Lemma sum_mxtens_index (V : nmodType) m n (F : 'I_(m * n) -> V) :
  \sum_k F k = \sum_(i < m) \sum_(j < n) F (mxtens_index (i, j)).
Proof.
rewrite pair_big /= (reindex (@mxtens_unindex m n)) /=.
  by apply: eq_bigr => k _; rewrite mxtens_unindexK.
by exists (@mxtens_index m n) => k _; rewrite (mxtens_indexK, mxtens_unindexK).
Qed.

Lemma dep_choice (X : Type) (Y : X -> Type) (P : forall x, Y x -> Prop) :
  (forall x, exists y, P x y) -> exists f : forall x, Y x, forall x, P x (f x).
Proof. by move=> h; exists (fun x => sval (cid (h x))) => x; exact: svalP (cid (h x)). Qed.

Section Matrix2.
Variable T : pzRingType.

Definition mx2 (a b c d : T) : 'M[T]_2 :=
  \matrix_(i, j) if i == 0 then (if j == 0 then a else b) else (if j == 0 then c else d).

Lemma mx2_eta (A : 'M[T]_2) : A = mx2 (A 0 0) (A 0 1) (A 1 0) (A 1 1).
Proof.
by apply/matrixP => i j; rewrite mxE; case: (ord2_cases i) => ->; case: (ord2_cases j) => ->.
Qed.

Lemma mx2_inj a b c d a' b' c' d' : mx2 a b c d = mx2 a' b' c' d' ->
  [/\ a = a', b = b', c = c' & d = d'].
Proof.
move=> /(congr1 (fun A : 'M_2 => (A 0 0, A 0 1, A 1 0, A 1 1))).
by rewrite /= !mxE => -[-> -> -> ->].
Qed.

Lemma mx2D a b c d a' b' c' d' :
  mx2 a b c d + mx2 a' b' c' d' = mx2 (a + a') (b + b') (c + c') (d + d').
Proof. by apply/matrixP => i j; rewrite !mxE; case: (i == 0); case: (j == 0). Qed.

===

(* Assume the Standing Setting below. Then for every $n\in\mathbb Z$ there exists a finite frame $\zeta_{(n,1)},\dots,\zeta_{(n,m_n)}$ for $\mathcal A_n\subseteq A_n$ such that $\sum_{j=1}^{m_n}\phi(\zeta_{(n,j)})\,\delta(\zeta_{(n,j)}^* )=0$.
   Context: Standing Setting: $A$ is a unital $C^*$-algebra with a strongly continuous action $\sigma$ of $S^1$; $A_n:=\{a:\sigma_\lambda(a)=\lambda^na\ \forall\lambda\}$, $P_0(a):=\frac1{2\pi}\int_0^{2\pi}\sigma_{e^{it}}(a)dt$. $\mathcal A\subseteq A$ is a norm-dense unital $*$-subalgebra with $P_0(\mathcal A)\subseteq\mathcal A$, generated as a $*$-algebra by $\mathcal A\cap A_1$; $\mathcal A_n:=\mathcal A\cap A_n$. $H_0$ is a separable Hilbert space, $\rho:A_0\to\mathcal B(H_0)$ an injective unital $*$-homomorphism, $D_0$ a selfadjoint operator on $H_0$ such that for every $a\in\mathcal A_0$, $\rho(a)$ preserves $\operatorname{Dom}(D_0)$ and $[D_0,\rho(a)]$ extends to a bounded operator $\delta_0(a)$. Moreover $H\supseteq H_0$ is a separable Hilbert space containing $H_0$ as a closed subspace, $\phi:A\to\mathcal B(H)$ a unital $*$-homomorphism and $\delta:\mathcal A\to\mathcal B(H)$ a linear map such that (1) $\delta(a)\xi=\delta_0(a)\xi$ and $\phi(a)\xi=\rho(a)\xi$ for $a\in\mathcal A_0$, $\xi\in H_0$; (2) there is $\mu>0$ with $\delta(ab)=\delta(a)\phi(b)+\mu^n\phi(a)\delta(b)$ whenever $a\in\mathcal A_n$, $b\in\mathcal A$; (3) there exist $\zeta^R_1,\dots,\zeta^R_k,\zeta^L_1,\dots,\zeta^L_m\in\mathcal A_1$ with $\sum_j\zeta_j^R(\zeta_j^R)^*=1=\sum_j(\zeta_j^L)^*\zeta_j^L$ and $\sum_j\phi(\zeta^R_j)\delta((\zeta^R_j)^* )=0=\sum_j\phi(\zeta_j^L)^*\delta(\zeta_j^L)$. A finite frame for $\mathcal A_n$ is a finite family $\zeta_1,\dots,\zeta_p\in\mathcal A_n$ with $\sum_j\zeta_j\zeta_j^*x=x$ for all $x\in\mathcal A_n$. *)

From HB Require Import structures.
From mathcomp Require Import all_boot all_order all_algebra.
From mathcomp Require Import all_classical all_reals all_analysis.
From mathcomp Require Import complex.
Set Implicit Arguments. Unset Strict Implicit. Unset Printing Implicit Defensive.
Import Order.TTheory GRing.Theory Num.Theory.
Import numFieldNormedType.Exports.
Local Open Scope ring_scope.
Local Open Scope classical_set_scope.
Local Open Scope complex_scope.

===

[Task instructions] Go through the records above and copy every line with the word "From".

[Result for this exercise]
From HB Require Import structures.
From mathcomp Require Import all_boot all_order all_algebra.
From mathcomp Require Import all_classical all_reals all_analysis.
From mathcomp Require Import complex.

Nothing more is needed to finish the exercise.